Происхождение жены теперь все заметнее определяло направление его политической карьеры. Если в 1931 году он был избран депутатом от правительственной единой партии, то уже в «эру Гёмбёша»[51]
перебрался в партию мелких сельских хозяев. Жил Озди в те годы большей частью в своем небольшом имении в губернии Ноград. В неизменной меховой бекеше и охотничьей шляпе, на козлах легкой брички объезжая свой избирательный округ, останавливался у окрестных помещиков, но не пренебрегал и богатыми крестьянскими домами. Обедал, ужинал со своими избирателями и агитаторами, знал по имени всех их детишек, дружил с местными попами и, хотя представлял оппозицию, старался ладить и с писарями. В пору роста гитлеровской империи намеренно подчеркивал свою принадлежность к венгерской нации, пересыпал речь простонародными выражениями, специально для этого выучив налоцский диалект. У себя дома стремился принять гостей с венгерским радушием, поразить венгерской кухней, чтобы вид его супруги в простом передничке, в блузке с засученными рукавами и раскрасневшимся у кухонного очага лицом заставил бы гостей, отдыхавших после сытного обеда в большой, обставленной в крестьянском стиле столовой, забыть о национальности господина Эренталя, тестя Озди.В парламенте Озди вел себя скромно и в протоколах не оставил по себе памяти какими-либо знаменитыми речами. Чаще всего его выступления оставались безымянными, и сообщалось о них в скобках: («Выкрики слева: «Безобразие!»). И тем не менее Озди знали, знали в военном министерстве, где он добивался для своих молодых избирателей отсрочки призыва в армию; в министерстве просвещения, где он добивался для них же приема в университет и стипендий… Озди помогал хозяйчикам получить банковские кредиты, устраивал на должности, улаживал миром судебные тяжбы, учреждал опекунство и освобождал от него, усиливал смягчающие и смягчал отягчающие обстоятельства и, говорят, выполнял даже роль свахи. Во всяком случае, точно известно, что было у него по избирательному округу сотен пять, а может, и больше крестников. В округе его любили. Как член правления областной сберегательной кассы, Озди рассчитывал по поводу двадцатилетия пребывания на этом посту получить титул правительственного обер-советника А когда кандидатуру его не утвердили, ловко распустил слух, что якобы он сам отказался от титула «его превосходительство», что он вполне горд и тем, что он даже не «высокоблагородие», а всего лишь «благородие». В свои речи он частенько вставлял, что гордится доверием избирателей и «дружбой простых детей земли с мозолистыми руками, но искренним сердцем»…

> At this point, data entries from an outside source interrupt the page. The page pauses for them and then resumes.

(* Let $q$ be a power of an odd prime and let $n$ be a positive integer with $\gcd\big(n,\frac{q-1}{2}\big)=1$. Then the number of elements $a\in\mathbb{F}_q$ for which the binomial $x^n\big(x^{\frac{q-1}{2}}+a\big)$ is a permutation polynomial of $\mathbb{F}_q$ equals $$\frac{q-2+(-1)^n}{2}.$$
   Context: A polynomial $f\in\mathbb{F}_q[x]$ is a permutation polynomial of $\mathbb{F}_q$ if the map $c\mapsto f(c)$ is a bijection of $\mathbb{F}_q$. *)

From HB Require Import structures.
From mathcomp Require Import all_boot all_order all_algebra all_field.
Set Implicit Arguments. Unset Strict Implicit. Unset Printing Implicit Defensive.
Import GRing.Theory.
Local Open Scope ring_scope.

(* A polynomial f over a finite field F is a permutation polynomial of F
   if c |-> f(c) is a bijection of F, i.e. has a two-sided inverse map
   (boolean form, since F is finite, so it can be counted). *)
Definition perm_polyb (F : finFieldType) (f : {poly F}) : bool :=
  [exists g : {ffun F -> F}, [forall c, (g f.[c] == c) && (f.[g c] == c)]].

From HB Require Import structures.
From mathcomp Require Import all_boot all_order all_algebra all_field.
From mathcomp Require Import ring zify.
Import GRing.Theory.
Local Open Scope ring_scope.

Set Implicit Arguments. Unset Strict Implicit.

(* Write q = #|F| = 2m + 1 and f_a(c) = c^n (c^m + a).  For x != 0 the power
   x^m is the quadratic character of x, i.e. +1 or -1, each value being taken
   m times.

   Since f_a(c)^m = (c^m)^n (c^m + a)^m, the map f_a
   sends the class {c^m = 1} into {y^m = (a+1)^m} and the class {c^m = -1}
   into {y^m = (-1)^n (a-1)^m}; on each class it is injective because
   c |-> c^n is injective on a fibre of c |-> c^m when gcd(n, m) = 1.  A
   cardinality argument shows the converse, so f_a permutes F iff a <> +-1
   and these two class values differ, i.e. iff (a^2 - 1)^m = -(-1)^n.

   The conic b^2 = a^2 - 1 has q - 1 = 2m points (it is
   parametrised by u |-> ((u + 1/u)/2, (u - 1/u)/2), u != 0).  Counting its
   points fibrewise with Euler's criterion #{b | b^2 = x} = [x = 0] + 2[x^m = 1]
   gives #{a | (a^2-1)^m = 1} = m - 1 and #{a | (a^2-1)^m = -1} = m, and the
   theorem follows by distinguishing the parity of n. *)

Lemma sum_nat_pred_card (T : finType) (P : pred T) :
  (\sum_(x : T) (P x : nat) = #|[set x | P x]|)%N.
Proof.
rewrite -sum1dep_card [RHS]big_mkcond /=.
by apply: eq_bigr => x _; case: (P x).
Qed.

Lemma card_roots_binomial_le (R : finIdomainType) (m : nat) (c : R) :
  (0 < m)%N -> (#|[set x : R | x ^+ m == c]| <= m)%N.
Proof.
move=> m_gt0.
have nz_p : ('X^m - c%:P : {poly R}) != 0.
  by rewrite -size_poly_eq0 size_XnsubC.
have := max_poly_roots nz_p (rs := enum [set x : R | x ^+ m == c]).
rewrite size_XnsubC // -cardE ltnS; apply; last exact: enum_uniq.
apply/allP => x; rewrite mem_enum inE => /eqP xm_c.
by rewrite rootE !hornerE xm_c subrr.
Qed.

(* If gcd(n, m) = 1, a nonzero element is determined by its n-th and m-th
   powers (by Bezout, k n = 1 + u m for some u, k). *)
Lemma expf_coprime_inj (K : fieldType) (n m : nat) (c d : K) :
  (0 < n)%N -> coprime n m -> c != 0 ->
  c ^+ n = d ^+ n -> c ^+ m = d ^+ m -> c = d.
Proof.
move=> n_gt0 co_nm c_nz eq_n eq_m.
have [u _] := Bezoutl m n_gt0; rewrite (eqP co_nm) => /dvdnP[k bezout].
have split_pow (x : K) : x * (x ^+ m) ^+ u = (x ^+ n) ^+ k.
  by rewrite -!exprM -exprS -add1n (mulnC m u) bezout mulnC.
apply: (mulIf (expf_neq0 u (expf_neq0 m c_nz))).
by rewrite split_pow eq_n -split_pow eq_m.
Qed.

В период немецкой оккупации Венгрии Озди переехал в Будапешт. Партию его в это время уже распустили, депутатов изгнали из парламента. Поскольку на его родине, в Нограде, нилашисты развили весьма бурную деятельность, он стал побаиваться репрессий из-за своего оппозиционного прошлого, а больше всего из-за жены. В Буде у них был небольшой особнячок, а когда его разбомбили, Озди перебрался в пустующую квартиру приятеля. Здесь его и застало Освобождение. На дебреценскую сессию парламента он уже не попал, а теперь вот вынужден был растрачивать свои силы и способности на жалком посту председателя районного Национального комитета.

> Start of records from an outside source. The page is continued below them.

Lemma opnorm_quant_sub_le (F f : T -> R) (E : R) :
  measurable_fun setT F -> measurable_fun setT f ->
  (forall x, 0 <= F x) -> (forall x, F x <= f x) ->
  (\int[P]_x ((f x - F x) ^+ 2)%:E = E%:E)%E ->
  (0 <= opnorm P (op_sub (quant P F) (quant P f)) <= (Num.sqrt (8 * E))%:E)%E.
Proof.
move=> mF mf F0 Ff hE; apply/andP; split.
  have cnorm2_0 : (fun x : T => (cnorm2 (0 : R[i]))%:E) = cst 0%E.
    by apply/funext => x; rewrite /cnorm2 /= expr0n /= addr0.
  apply: le_trans (Lnorm_ge0 P 2%:E _) (ereal_sup_ubound _).
  exists (fun _ => 0) => //; split.
  - by split; [exact: measurable_cst | exact: measurable_cst | rewrite cnorm2_0 integral0 ltry].
  - by rewrite l2normE cnorm2_0 integral0 poweR0r ?lee01 // invr_neq0.
apply: ge_ereal_sup => _ [g [ig g1] <-].
exact: l2norm_quant_sub_le.
Qed.

Lemma quant_cvg (F : nat -> T -> R) (f : T -> R) :
  (forall n, measurable_fun setT (F n)) -> rv P f ->
  (forall x, 0 <= F 0%N x) -> (forall n x, F n x <= F n.+1 x) ->
  (forall x, F ^~ x @ \oo --> f x) ->
  (fun n => opnorm P (op_sub (quant P (F n)) (quant P f))) @ \oo --> 0%E.
Proof.
move=> mF [mf f2] F00 Finc Fcvg.
have F0 n x : 0 <= F n x.
  by elim: n => [|n IH]; [exact: F00 | exact: le_trans IH (Finc n x)].
have Ff n x : F n x <= f x.
  have nd : nondecreasing_seq (F ^~ x) by apply/nondecreasing_seqP => m; exact: Finc.
  by have := nondecreasing_cvgn_le nd (cvgP _ (Fcvg x)) n; rewrite (cvg_lim _ (Fcvg x)).
have int_fin n : (\int[P]_x ((f x - F n x) ^+ 2)%:E)%E \is a fin_num.
  rewrite ge0_fin_numE; last by apply: integral_ge0 => x _; rewrite lee_fin sqr_ge0.
  apply: le_lt_trans f2; apply: ge0_le_integral => //.
  - by move=> x _; rewrite lee_fin sqr_ge0.
  - by apply/measurable_EFinP/measurable_funX; exact: measurable_funB.
  - exact/measurable_EFinP/measurable_funX.
  - by move=> x _; rewrite lee_fin; have := F0 n x; have := Ff n x; nra.
pose E n := fine (\int[P]_x ((f x - F n x) ^+ 2)%:E)%E.
have E_cvg : E @ \oo --> 0.
  exact/fine_cvg/(integral_sqr_sub_cvg0 _ _ _ mf mF F0 Ff Fcvg f2).
apply: (squeeze_cvge (f := cst 0%E) (h := fun n => (Num.sqrt (8 * E n))%:E)).
- by near=> n; apply: opnorm_quant_sub_le => //; rewrite fineK.
- exact: cvg_cst.
apply: cvg_EFin; first by near=> n.
have E8_cvg : (fun n => 8 * E n) @ \oo --> (8 * 0 : R) by apply: cvgMr.
rewrite mulr0 in E8_cvg; rewrite -sqrtr0.
apply: (cvg_comp _ _ E8_cvg); exact: sqrt_continuous.
Unshelve. all: by end_near.
Qed.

За последние годы люди пристрастились к внешней политике, а Озди еще в дни Мюнхена предсказал мировую войну и то, что немцам не удастся захватить Англию. А в сороковом году он изрек: «Сильнее всегда та собака, которая ввяжется в драку последней! Присматривайтесь к Америке и России». И очень рад был, когда приятели потом вспоминали: «Говорил же Озди!» Озди скромно улыбался: «Просто у меня есть свои политические концепции. А у тех — нет». Палец его при этом обращался за луг и кукурузные поля, в сторону телеграфных столбов, шагавших вдоль железной дороги к Пешту — туда, где находилось правительство, генштаб, немцы, — одним словом, «те».
Озди и сейчас имел свои концепции, и, пока Саларди говорил, он с удовлетворением, хотя и со злобной нетерпеливостью, пришел к выводу, что у «этих» тоже нет концепций.
В конце концов Озди решился выступить.
— Уважаемый господин секретарь! Сила каждого государства измеряется авторитетом его правопорядка. Вот правительство приняло постановление об общественных работах. Ведь это
Все прислушивались к его словам, даже Альбин Шольц приоткрыл глаза.
— Это не мои слова, — скромно возразил Озди в ответ на восторженные взгляды, — это сказал Лайош Кошут[53]
. Существуют границы, в пределах которых мы должны двигаться. Эти границы определяются законами государства. Господин Новотный, заместитель председателя управления, любезно сообщил нам, какие силы имеются в нашем распоряжении в сих отведенных нам границах. И это следует принять к сведению и господину военному коменданту района…— Погода не захочет принимать к сведению!..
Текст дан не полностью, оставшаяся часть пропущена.